My Love-hate Relationship with ArcGIS

Posted to Software  |  Nathan Yau

Housing BurdenArcGIS can do a lot for you in terms of speeding up the mapping process, which is great, but here's my dilemma: do I really want to put in all the time to figure out how to use the software?

I think the basics is good enough for me and any further than that, I'll let a mapping expert take over. However, I know that spatial analysis is something I'm going to pursue, so... I'm really back and forth.

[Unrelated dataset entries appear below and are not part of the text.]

(* Every cutting sequence of a linear trajectory on $S_E$ is infinitely derivable.
   Context: Let $E$ be the regular hexagon of side length $1$, centred at the origin, with two horizontal sides. Its sides are labelled as follows: the two horizontal sides are labelled $A$, the upper-right and lower-left sides are labelled $B$, and the lower-right and upper-left sides are labelled $C$. Gluing opposite parallel sides by translations gives $S_E$ (a flat torus with two marked points, the classes of the vertices). A linear trajectory is a bi-infinite straight line on $S_E$ avoiding the marked points. Its cutting sequence $c(\tau)\in\{A,B,C\}^{\mathbb Z}$ lists, up to shift, the labels of the sides successively crossed. For an ordered triple $(x,y,z)$ of the three distinct letters $A,B,C$, the associated diagram is the directed graph on $\{A,B,C\}$ with exactly the arrows $x\to y$, $y\to x$, $y\to z$, $z\to y$, $z\to z$. The six transition diagrams are those of the following triples: - $\mathscr D_0$: $(A,C,B)$; - $\mathscr D_1$: $(C,A,B)$; - $\mathscr D_2$: $(C,B,A)$; - $\mathscr D_3$: $(B,C,A)$; - $\mathscr D_4$: $(B,A,C)$; - $\mathscr D_5$: $(A,B,C)$. A word $w\in\{A,B,C\}^{\mathbb Z}$ is admissible if, for some $k$, every pair of consecutive letters $w_n\to w_{n+1}$ is an arrow of $\mathscr D_k$. In $w=(w_n)$, the letter $w_n$ is sandwiched if $w_{n-1}=w_{n+1}$. The derived sequence $w'$ of an admissible word $w$ keeps, in order, exactly the sandwiched letters of $w$. The word $w$ is derivable if it is admissible and $w'$ is admissible. The iterated derived sequences are defined by $w^{(0)}=w$ and $w^{(n+1)}=(w^{(n)})'$. The word $w$ is infinitely derivable if $w^{(n)}$ is derivable for every $n\ge0$. *)

From Stdlib Require Import Reals ZArith.
Open Scope R_scope.

Inductive letter : Type := A | B | C.

Definition triple_arrow (x y z : letter) (a b : letter) : Prop :=
  (a = x /\ b = y) \/ (a = y /\ b = x) \/ (a = y /\ b = z) \/
  (a = z /\ b = y) \/ (a = z /\ b = z).

Definition diagram_triple (k : nat) : letter * letter * letter :=
  match k with
  | 0 => (A, C, B)
  | 1 => (C, A, B)
  | 2 => (C, B, A)
  | 3 => (B, C, A)
  | 4 => (B, A, C)
  | _ => (A, B, C)
  end.

Definition diagram_arrow (k : nat) (a b : letter) : Prop :=
  let '(x, y, z) := diagram_triple k in triple_arrow x y z a b.

Definition word := Z -> letter.

Definition admissible (w : word) : Prop :=
  exists k : nat, (k <= 5)%nat /\ forall n : Z, diagram_arrow k (w n) (w (n + 1)%Z).

Definition sandwiched (w : word) (n : Z) : Prop := w (n - 1)%Z = w (n + 1)%Z.

(* w' is (a shift of) the derived sequence of w: it lists, in order, exactly
   the sandwiched letters of w, as a bi-infinite word. *)
Definition derived (w w' : word) : Prop :=
  exists sigma : Z -> Z,
    (forall n, (sigma n < sigma (n + 1))%Z) /\
    (forall n, sandwiched w (sigma n)) /\
    (forall m, sandwiched w m -> exists n, sigma n = m) /\
    (forall n, w' n = w (sigma n)).

Definition derivable (w : word) : Prop :=
  admissible w /\ exists w', derived w w' /\ admissible w'.

Inductive iter_derived : nat -> word -> word -> Prop :=
  | iter_derived_0 : forall w, iter_derived 0 w w
  | iter_derived_S : forall n w v u,
      iter_derived n w v -> derived v u -> iter_derived (S n) w u.

Definition infinitely_derivable (w : word) : Prop :=
  forall n v, iter_derived n w v -> derivable v.

(** * Geometry: the hexagonal tiling of the plane (universal cover of S_E) *)
Definition pt := (R * R)%type.
Definition padd (p q : pt) : pt := (fst p + fst q, snd p + snd q).
Definition psub (p q : pt) : pt := (fst p - fst q, snd p - snd q).
Definition pscale (s : R) (p : pt) : pt := (s * fst p, s * snd p).

Definition hgt : R := sqrt 3 / 2.

Definition V0 : pt := (1, 0).
Definition V1 : pt := (1/2, hgt).
Definition V2 : pt := (-1/2, hgt).
Definition V3 : pt := (-1, 0).
Definition V4 : pt := (-1/2, - hgt).
Definition V5 : pt := (1/2, - hgt).

Definition side (L : letter) (P Q : pt) : Prop :=
  (L = A /\ P = V1 /\ Q = V2) \/ (L = A /\ P = V4 /\ Q = V5) \/
  (L = B /\ P = V0 /\ Q = V1) \/ (L = B /\ P = V3 /\ Q = V4) \/
  (L = C /\ P = V5 /\ Q = V0) \/ (L = C /\ P = V2 /\ Q = V3).

Definition is_vertex_of_E (P : pt) : Prop :=
  P = V0 \/ P = V1 \/ P = V2 \/ P = V3 \/ P = V4 \/ P = V5.

(* the translation lattice: gluing opposite sides of E; its translates of E
   tile the plane and S_E = R^2 / Lambda *)
Definition lattice_vec (m n : Z) : pt :=
  (3/2 * IZR m, hgt * IZR m + sqrt 3 * IZR n).

(* q is a vertex of the tiling (lift of a marked point of S_E) *)
Definition tiling_vertex (q : pt) : Prop :=
  exists m n P, is_vertex_of_E P /\ q = padd (lattice_vec m n) P.

Definition on_edge (L : letter) (q : pt) : Prop :=
  exists m n P Q s, side L P Q /\ 0 < s < 1 /\
    q = padd (lattice_vec m n) (padd P (pscale s (psub Q P))).

(** Linear trajectories, lifted to straight lines t |-> p + t v in R^2 *)
Definition traj (p v : pt) (t : R) : pt := padd p (pscale t v).

Definition linear_trajectory (p v : pt) : Prop :=
  v <> (0, 0) /\ forall t, ~ tiling_vertex (traj p v t).

(* w is (a shift of) the cutting sequence: the crossing times with edges are
   enumerated increasingly by tau, and w n is the label of the n-th edge. *)
Definition cutting_sequence (p v : pt) (w : word) : Prop :=
  exists tau : Z -> R,
    (forall n, tau n < tau (n + 1)%Z) /\
    (forall n, on_edge (w n) (traj p v (tau n))) /\
    (forall t L, on_edge L (traj p v t) -> exists n, tau n = t).

From Pilot Require Import Defs.
From Stdlib Require Import Reals ZArith Lra Lia List IndefiniteDescription.
Open Scope R_scope.

(* In the chart (x, y) |-> (2x, y / hgt) the tiling consists of the hexagons with vertices
   (+-2, 0), (+-1, +-1) centred at (3m, m + 2k).  Follow a line of direction u and, at each
   crossing, the hexagon it leaves and the cross product of u with the crossing point relative
   to that centre.  If k maximises the cross product of u with the vertices, only three sides
   are ever left through, and this coordinate evolves by the exchange of three intervals with
   reversed order, the side being the interval visited.  So a cutting sequence is an injective
   relabelling of an itinerary of such an exchange.  These itineraries are admissible, the
   sandwiched positions recur within 5 steps, and the map induced on them is again a
   three-interval exchange of the same kind, after relabelling; hence derived sequences stay in
   the class and induction on the number of derivations concludes. *)

Lemma increasing_of_succ {T : Type} (lt : T -> T -> Prop)
  (lt_trans : forall x y z, lt x y -> lt y z -> lt x z) (f : Z -> T) :
  (forall n, lt (f n) (f (n + 1)%Z)) -> forall a b, (a < b)%Z -> lt (f a) (f b).
Proof.
  intros Hs a b Hab.
  replace b with (a + Z.of_nat (S (Z.to_nat (b - a - 1))))%Z by lia.
  induction (Z.to_nat (b - a - 1)) as [|d IH]; [apply Hs|].
  rewrite Nat2Z.inj_succ, <- Z.add_1_r, Z.add_assoc.
  exact (lt_trans _ _ _ IH (Hs _)).
Qed.

Lemma Z_increasing_bracket (sigma : Z -> Z) :
  (forall n, (sigma n < sigma (n + 1))%Z) -> forall m, exists k, (sigma k <= m < sigma (k + 1))%Z.
Proof.
  intros Hs.
  assert (Hup : forall d : nat, exists k, (sigma k <= sigma 0%Z + Z.of_nat d < sigma (k + 1))%Z).
  { induction d as [|d [k Hk]].
    - exists 0%Z; specialize (Hs 0%Z); lia.
    - destruct (Z_lt_le_dec (sigma 0%Z + Z.of_nat (S d)) (sigma (k + 1)%Z)).
      + exists k; lia.
      + exists (k + 1)%Z; specialize (Hs (k + 1)%Z); lia. }
  assert (Hdown : forall d : nat, exists k, (sigma k <= sigma 0%Z - Z.of_nat d < sigma (k + 1))%Z).
  { induction d as [|d [k Hk]].
    - exists 0%Z; specialize (Hs 0%Z); lia.
    - destruct (Z_le_gt_dec (sigma k) (sigma 0%Z - Z.of_nat (S d))).
      + exists k; lia.
      + exists (k - 1)%Z; specialize (Hs (k - 1)%Z).
        replace (k - 1 + 1)%Z with k in * by lia; lia. }
  intros m; destruct (Z_le_gt_dec (sigma 0%Z) m).
  - destruct (Hup (Z.to_nat (m - sigma 0%Z))) as [k Hk]; exists k.
    rewrite Z2Nat.id in Hk by lia; lia.
  - destruct (Hdown (Z.to_nat (sigma 0%Z - m))) as [k Hk]; exists k.
    rewrite Z2Nat.id in Hk by lia; lia.
Qed.

Fixpoint first_from (P : Z -> Prop) (dec : forall m, {P m} + {~ P m}) (k : nat) (m : Z) : Z :=
  match k with
  | O => m
  | S k => if dec m then m else first_from P dec k (m + 1)
  end.

Lemma first_from_spec P dec k m :
  (exists j, (0 <= j < Z.of_nat k)%Z /\ P (m + j)%Z) ->
  (m <= first_from P dec k m)%Z /\ P (first_from P dec k m) /\
  forall i, (m <= i < first_from P dec k m)%Z -> ~ P i.
Proof.
  revert m; induction k as [|k IH]; intros m [j [Hj HP]]; [lia|]; simpl.
  destruct (dec m) as [Hm|Hm]; [split; [lia|split; [exact Hm|lia]]|].
  destruct (IH (m + 1)%Z) as (IH1 & IH2 & IH3).
  { assert (j <> 0)%Z by (intros ->; rewrite Z.add_0_r in HP; tauto).
    exists (j - 1)%Z; split; [lia|]. now replace (m + 1 + (j - 1))%Z with (m + j)%Z by lia. }
  split; [lia|split; [exact IH2|]].
  intros i Hi; destruct (Z.eq_dec i m) as [->|]; [exact Hm|apply IH3; lia].
Qed.

Section BoundedGaps.

Variables (P : Z -> Prop) (dec : forall m, {P m} + {~ P m}) (N : nat).
Hypothesis bounded_gaps : forall n, exists j, (0 <= j < Z.of_nat N)%Z /\ P (n + j)%Z.

Definition next_in (m : Z) : Z := first_from P dec N (m + 1).

(* Searching upwards from [1 - m] in the reflected set [-P]. *)
Definition prev_in (m : Z) : Z :=
  (- first_from (fun i => P (- i)%Z) (fun i => dec (- i)%Z) N (1 - m))%Z.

On the one hand, ArcGIS has a lot of functions, but on the other hand, it's not especially easy to use all those functions. For example, I was doing a join between two data tables, but it wasn't working at first because the column on one table didn't have leading zeros (e.g. 1 instead of 01). By "not working" I don't mean that columns weren't joining. I mean that I couldn't select this column and that column to join by, so I couldn't even get to the step where I knew I had to change something. It's little things like that that bug me and make me think that ArcGIS is inflexible.

Plus, it sure does like to crash.

I don't know.

I probably just need more experience. How about this. I'll just learn what I have to, but I'm not going to go out of my way to become an ArcMap expert. Yeah, that sounds OK to me.

And on that note, here's the map I made. Color scale was the main thing I had to fuss with. Too many shades of gray lead to a muddled graphic in the paper even if it looks fine on screen. The map shows the percentage of people who spend 30% or more of their household income on housing. Of course, California leads the way.

3 Comments

  • Hang in there man. I spent 3 years trying to learn that program (a long time ago). Very frustrating. But in the end, when you know it well, pretty cool (and powerful).

    I ended up using ArcInfo a lot as well. Sort of a cut-down version with a more intuitive interface.

  • Just curious: is this a general design hint for choropleth maps, that you need just a few different colors for print, but you can have more on screen? I’d never heard that before (though it sounds plausible).

  • Yeah, I guess the rule could be generalized. I mean in either case — paper or print — you won’t want to use too many shades since the eye can only see so much, you know? Although, admittedly, I’m just going off what my editor told me.